Indigenous peoples also apply intellectual traditions of strengthening groups through integrating helpful outside knowledge in contemporary times. For example, from 1969 to 1981, during a time when many Indigenous plains peoples were suffering terribly from the hammer blows of colonization, Raymond Harris, an Arapaho healer from Wyoming, taught many Cree, Dene, and Saulteaux people the Arapaho traditions from the sweat lodge. In this way, Harris ensured that ancient healing practices were not lost, and they continue today, albeit in an adapted form. This was a practical, on-the-ground, and highly effective intellectual device that enabled people to deal with change and resistance by renewing and revitalizing ancient practices. People were able to deliberately seek out and integrate new resources into existing traditions. We can apply these same intellectual processes for revitalization to carefully integrate useful new tools into familiar ways of learning and teaching Indigenous legal traditions.

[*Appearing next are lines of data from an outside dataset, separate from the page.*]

(* Let $k=1$, $\gamma>0$, $\delta>1$, and $Z=\{(\tau,s)\in\mathcal C:g(\tau,s)=0\}$. (a) If $1<\delta<\Phi$ and $\gamma>M_{\mathcal F}(\delta)/2$, then $Z\cap(\{\tau\}\times S^1)$ has exactly two points for every $\tau\in(0,1)$ and is the single point $(1,3\pi/2)$ for $\tau=1$; moreover all points of $Z\cap(\{\tau\}\times S^1)$ converge to $s=3\pi/2$ as $\tau\to0^+$ (so $Z$ closes up to a contractible closed curve with ''fold points'' at $\tau=0$ and $\tau=1$). (b) If $1<\delta<\Phi$ and $0<\gamma<M_{\mathcal F}(\delta)/2$, then there are $0<a<b<1$ such that $Z\cap(\{\tau\}\times S^1)$ has exactly two points for $\tau\in(0,a)\cup(b,1)$, is the single point $(\tau,\pi/2)$ for $\tau\in\{a,b\}$, is empty for $\tau\in(a,b)$, and is the single point $(1,3\pi/2)$ for $\tau=1$; $(a,\pi/2)$ is a subcritical and $(b,\pi/2)$ a supercritical fold point, and the points of $Z\cap(\{\tau\}\times S^1)$ converge to $s=3\pi/2$ as $\tau\to0^+$. (c) If $\delta>\Phi$, then there is $\tau_0\in(0,1)$ such that $Z\cap(\{\tau\}\times S^1)$ is empty for $\tau<\tau_0$, is the single point $(\tau_0,\pi/2)$ for $\tau=\tau_0$, has exactly two points for $\tau\in(\tau_0,1)$, and is the single point $(1,3\pi/2)$ for $\tau=1$; $(\tau_0,\pi/2)$ is a supercritical fold point and $(1,3\pi/2)$ is a fold point.
   Context: Let $S^1=\mathbb R/2\pi\mathbb Z$ and $\mathcal C=\{(\tau,s):0<\tau\le1,\ s\in S^1\}$. Let $p(\delta)=-\delta^2+\delta+1$, $\Phi=(1+\sqrt5)/2$. For parameters $\delta>1$, $\gamma>0$, $k>0$ define $g:\mathcal C\to\mathbb R$, $g(\tau,s)=\tau^{\delta^2}+\gamma\tau^{\delta^2-\delta}(1+k\sin s)-\tau$; thus $g(\tau,s)=0$ iff $\gamma(1+k\sin s)=\mathcal F_\delta(\tau)$, where $\mathcal F_\delta(\tau)=\tau^{p(\delta)}-\tau^\delta$. For $1<\delta<\Phi$, $M_{\mathcal F}(\delta)=\max_{(0,1]}\mathcal F_\delta>0$. A fold point is a point $(\tau_0,s_0)\in\mathcal C$ with $g(\tau_0,s_0)=0$ and $\partial g/\partial s(\tau_0,s_0)=0$. It is supercritical if there is a neighbourhood $U$ of $(\tau_0,s_0)$ such that for $\tau>\tau_0$ close to $\tau_0$ the set $\{s:(\tau,s)\in U,\ g(\tau,s)=0\}$ has exactly two elements, for $\tau=\tau_0$ exactly one, and for $\tau<\tau_0$ close to $\tau_0$ none; subcritical if the same holds with the roles of $\tau>\tau_0$ and $\tau<\tau_0$ interchanged. *)

From Stdlib Require Import Reals Lra.
Open Scope R_scope.

Definition pdelta (d : R) : R := - d ^ 2 + d + 1.
Definition Phi : R := (1 + sqrt 5) / 2.

Definition Fdelta (d tau : R) : R := Rpower tau (pdelta d) - Rpower tau d.

Definition is_max_F (d M : R) : Prop :=
  (exists t, 0 < t <= 1 /\ Fdelta d t = M) /\
  (forall t, 0 < t <= 1 -> Fdelta d t <= M).

(* g(tau,s) = tau^{delta^2} + gamma tau^{delta^2-delta} (1 + k sin s) - tau,
   with s a real representative of a point of S^1 = R/2piZ *)
Definition gfun (d gam k tau s : R) : R :=
  Rpower tau (d ^ 2) + gam * Rpower tau (d ^ 2 - d) * (1 + k * sin s) - tau.

Definition is_empty (P : R -> Prop) : Prop := forall s, ~ P s.
Definition is_single (P : R -> Prop) (a : R) : Prop := forall s, P s <-> s = a.
Definition has_one (P : R -> Prop) : Prop := exists a, is_single P a.
Definition has_two (P : R -> Prop) : Prop :=
  exists a b, a <> b /\ forall s, P s <-> (s = a \/ s = b).

(* The slice Z ∩ ({tau} × S^1), points of S^1 represented in [0, 2pi) *)
Definition slice (g : R -> R -> R) (tau : R) : R -> Prop :=
  fun s => 0 <= s < 2 * PI /\ g tau s = 0.

Definition fold_point (g : R -> R -> R) (tau0 s0 : R) : Prop :=
  0 < tau0 <= 1 /\ g tau0 s0 = 0 /\ derivable_pt_lim (fun s => g tau0 s) s0 0.

(* A neighbourhood of (tau0,s0) in the cylinder C, expressed in the chart
   [s0 - pi, s0 + pi) of S^1 (which is bijective onto S^1): a subset of
   C (in this chart) containing an open box around (tau0, s0). *)
Definition cyl_nbhd (tau0 s0 : R) (U : R -> R -> Prop) : Prop :=
  (forall tau s, U tau s -> 0 < tau <= 1 /\ s0 - PI <= s < s0 + PI) /\
  (exists r, 0 < r /\ forall tau s, 0 < tau <= 1 -> Rabs (tau - tau0) < r ->
        Rabs (s - s0) < r -> U tau s).

Definition zeros_in (g : R -> R -> R) (U : R -> R -> Prop) (tau : R) : R -> Prop :=
  fun s => U tau s /\ g tau s = 0.

Definition supercritical (g : R -> R -> R) (tau0 s0 : R) : Prop :=
  fold_point g tau0 s0 /\
  exists U, cyl_nbhd tau0 s0 U /\ exists eta, 0 < eta /\
    (forall tau, tau0 < tau < tau0 + eta -> has_two (zeros_in g U tau)) /\
    has_one (zeros_in g U tau0) /\
    (forall tau, tau0 - eta < tau < tau0 -> is_empty (zeros_in g U tau)).

Definition subcritical (g : R -> R -> R) (tau0 s0 : R) : Prop :=
  fold_point g tau0 s0 /\
  exists U, cyl_nbhd tau0 s0 U /\ exists eta, 0 < eta /\
    (forall tau, tau0 - eta < tau < tau0 -> has_two (zeros_in g U tau)) /\
    has_one (zeros_in g U tau0) /\
    (forall tau, tau0 < tau < tau0 + eta -> is_empty (zeros_in g U tau)).

Definition slices_converge_3pi2 (g : R -> R -> R) : Prop :=
  forall eps, 0 < eps -> exists eta, 0 < eta /\
    forall tau s, 0 < tau < eta -> slice g tau s -> Rabs (s - 3 * PI / 2) < eps.

(* For tau > 0 the function factors as
     g(tau,s) = tau^(delta^2-delta) * (gam (1 + sin s) - F(tau)),
   so the slice at tau is the level set sin s = F(tau)/gam - 1 on the circle:
   two points while 0 < F(tau) < 2 gam, the single point pi/2 where
   F(tau) = 2 gam, nothing where F(tau) > 2 gam, and the single point 3pi/2 at
   tau = 1 where F vanishes.  Everything is thus read off the graph of
   F = tau^p - tau^delta.  If p = p(delta) > 0 (delta < Phi), F is positive on
   (0,1), tends to 0 at 0 and is unimodal with peak at (p/delta)^(1/(delta-p));
   if p < 0 (delta > Phi), F decreases from +oo to F(1) = 0.  The fold points
   are the crossings of the level 2 gam, and their type is the side on which
   F exceeds 2 gam.  Near such a crossing F > gam, so all zeros close to
   (tau, pi/2) lie in the upper half circle, which serves as the neighbourhood. *)
From Stdlib Require Import Reals Lra.
From Coquelicot Require Import Coquelicot.
Open Scope R_scope.

(** * Level sets of the sine on [0, 2 pi) *)

Definition sin_level (c s : R) : Prop := 0 <= s < 2 * PI /\ sin s = c.

Lemma asin_sin_cases s : 0 <= s < 2 * PI ->
  s = asin (sin s) \/ s = PI - asin (sin s) \/ s = asin (sin s) + 2 * PI.
Proof.
  intros hs. pose proof PI_RGT_0.
  destruct (Rle_lt_dec s (PI / 2)); [left; rewrite asin_sin; lra|].
  destruct (Rle_lt_dec s (3 * (PI / 2))).
  - right; left. rewrite <- sin_PI_x, asin_sin; lra.
  - right; right.
    replace (sin s) with (sin (s - 2 * PI)) by
      (rewrite <- (sin_period (s - 2 * PI) 1); f_equal; simpl; ring).
    rewrite asin_sin; lra.
Qed.

Lemma sin_level_two c : -1 < c < 1 -> has_two (sin_level c).
Proof.
  intros hc. pose proof (asin_bound_lt c hc) as ha. pose proof PI_RGT_0.
  assert (hs : sin (asin c) = c) by (apply sin_asin; lra).
  assert (hcases : forall s, sin_level c s ->
    s = asin c \/ s = PI - asin c \/ s = asin c + 2 * PI).
  { intros s [hr <-]. exact (asin_sin_cases s hr). }
  destruct (Rle_lt_dec 0 (asin c)).
  - exists (asin c), (PI - asin c). split; [lra|]. intros s; split.
    + intros hsl. destruct (proj1 hsl). destruct (hcases s hsl) as [e|[e|e]]; lra.
    + intros [-> | ->]; split; try lra. rewrite sin_PI_x; exact hs.
  - exists (PI - asin c), (asin c + 2 * PI). split; [lra|]. intros s; split.
    + intros hsl. destruct (proj1 hsl). destruct (hcases s hsl) as [e|[e|e]]; lra.
    + intros [-> | ->]; split; try lra.
      * rewrite sin_PI_x; exact hs.
      * replace (asin c + 2 * PI) with (asin c + 2 * INR 1 * PI) by (simpl; ring).
        rewrite sin_period; exact hs.
Qed.

Lemma sin_level_max : is_single (sin_level 1) (PI / 2).
Proof.
  pose proof PI_RGT_0. intros s; split.
  - intros [hr hsin]. assert (ha : asin 1 = PI / 2) by (rewrite <- sin_PI2, asin_sin; lra).
    destruct (asin_sin_cases s hr) as [e|[e|e]]; rewrite hsin, ha in e; lra.
  - intros ->. split; [lra | apply sin_PI2].
Qed.

Lemma sin_level_min : is_single (sin_level (-1)) (3 * PI / 2).
Proof.
  pose proof PI_RGT_0.
  assert (hm : sin (- (PI / 2)) = -1) by (rewrite sin_neg, sin_PI2; ring).
  assert (ha : asin (-1) = - (PI / 2)) by (rewrite <- hm, asin_sin; lra).
  intros s; split.
  - intros [hr hsin]. destruct (asin_sin_cases s hr) as [e|[e|e]]; rewrite hsin, ha in e; lra.
  - intros ->. split; [lra|].
    replace (3 * PI / 2) with (PI - - (PI / 2)) by field. rewrite sin_PI_x; exact hm.
Qed.

Lemma sin_level_empty c : 1 < c -> is_empty (sin_level c).
Proof. intros hc s [_ h]. pose proof (SIN_bound s); lra. Qed.

Lemma sin_level_pos_upper c s : 0 < c -> sin_level c s -> 0 < s < PI.
Proof.
  intros hc [[h0 h2] h]. pose proof PI_RGT_0.
  destruct (Req_dec s 0) as [->|]; [rewrite sin_0 in h; lra|].
  destruct (Rlt_le_dec s PI); [lra|].
  destruct (Req_dec s PI) as [->|]; [rewrite sin_PI in h; lra|].
  pose proof (sin_lt_0 s ltac:(lra) h2); lra.
Qed.

Lemma sin_lt_near_3PI2 e s : 0 < e <= PI / 2 -> 0 <= s < 2 * PI ->
  sin s < sin (e - PI / 2) -> Rabs (s - 3 * PI / 2) < e.
Proof.
  intros he hs hsin. pose proof PI_RGT_0.
  pose proof (asin_bound (sin s)). pose proof (sin_asin (sin s) (SIN_bound s)).
  assert (ha : asin (sin s) < e - PI / 2).
  { destruct (Rlt_le_dec (asin (sin s)) (e - PI / 2)) as [|[hlt|heq]]; [assumption| |].
    - pose proof (sin_increasing_1 (e - PI / 2) (asin (sin s)) ltac:(lra) ltac:(lra) ltac:(lra) ltac:(lra) hlt); lra.
    - rewrite heq in hsin; lra. }
  apply Rabs_def1; destruct (asin_sin_cases s hs) as [E|[E|E]]; lra.
Qed.

Lemma has_two_ext (P Q : R -> Prop) : (forall s, P s <-> Q s) -> has_two Q -> has_two P.
Proof. intros h [a [b [hab hq]]]. exists a, b; split; [exact hab|]. intros s; rewrite h; apply hq. Qed.

Lemma is_single_ext (P Q : R -> Prop) a : (forall s, P s <-> Q s) -> is_single Q a -> is_single P a.
Proof. intros h hq s. rewrite h; apply hq. Qed.

Lemma is_empty_sub (P Q : R -> Prop) : (forall s, P s -> Q s) -> is_empty Q -> is_empty P.
Proof. intros h hq s hp. exact (hq s (h s hp)). Qed.

(** * Real powers and the profile F *)

Lemma Rpower_gt_0 x y : 0 < Rpower x y.
Proof. apply exp_pos. Qed.

Lemma Rpower_1_l y : Rpower 1 y = 1.
Proof. unfold Rpower. rewrite ln_1, Rmult_0_r. apply exp_0. Qed.

Lemma Rpower_lt_lt_1 x y z : 0 < x < 1 -> y < z -> Rpower x z < Rpower x y.
Proof.
  intros hx hyz. apply exp_increasing.
  assert (ln x < 0) by (rewrite <- ln_1; apply ln_increasing; lra). nra.
Qed.

Lemma Rlt_Rpower_l_neg a b c : c < 0 -> 0 < a < b -> Rpower b c < Rpower a c.
Proof.
  intros hc hab. apply exp_increasing.
  pose proof (ln_increasing a b ltac:(lra) ltac:(lra)). nra.
Qed.

Lemma pdelta_factor d : pdelta d = - ((d - Phi) * (d - (1 - sqrt 5) / 2)).
Proof. unfold pdelta, Phi. pose proof (sqrt_sqrt 5 ltac:(lra)). lra. Qed.

Lemma sqrt5_gt_0 : 0 < sqrt 5.
Proof. apply sqrt_lt_R0; lra. Qed.

Lemma Fdelta_1 d : Fdelta d 1 = 0.
Proof. unfold Fdelta. rewrite !Rpower_1_l; ring. Qed.

Definition Fdelta_peak (d : R) : R := Rpower (pdelta d / d) (/ (d - pdelta d)).

Section Profile.

Variable d : R.
Hypothesis hd : 1 < d.

Local Notation p := (pdelta d).
Local Notation F := (Fdelta d).
Local Notation tc := (Fdelta_peak d).

Lemma pdelta_pos : d < Phi -> 0 < p.
Proof. intros h. rewrite pdelta_factor. pose proof sqrt5_gt_0. nra. Qed.

Lemma pdelta_neg : Phi < d -> p < 0.
Proof. intros h. rewrite pdelta_factor. pose proof sqrt5_gt_0. nra. Qed.

Lemma pdelta_lt : p < d.
Proof. unfold pdelta. nra. Qed.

Legal analysis and synthesis were among the core set of skills we both learned in a Canadian common law degree program. Bringing an adaptation of this skill set to Indigenous legal traditions is both very traditional and explicitly innovative. It is traditional because when we bring back what we have learned to our communities, we are doing exactly what people in the stories have been doing for thousands of years. We think legal scholarship engaging with Indigenous legal traditions from an internal viewpoint is, quite simply, one valuable intellectual tool to bring home and integrate into Indigenous legal traditions. By applying these adapted tools to stories, we also continue the rich traditional practices of active listening and lively thinking through stories. Yet, while our approach is very traditional, it is also distinctly innovative in that it constitutes a new method for engaging deeply with Indigenous legal traditions. Our method offers an alternative access to Indigenous law that community members and members of the broader legal community can consciously apply in order to draw on intellectual resources for framing and resolving contemporary issues.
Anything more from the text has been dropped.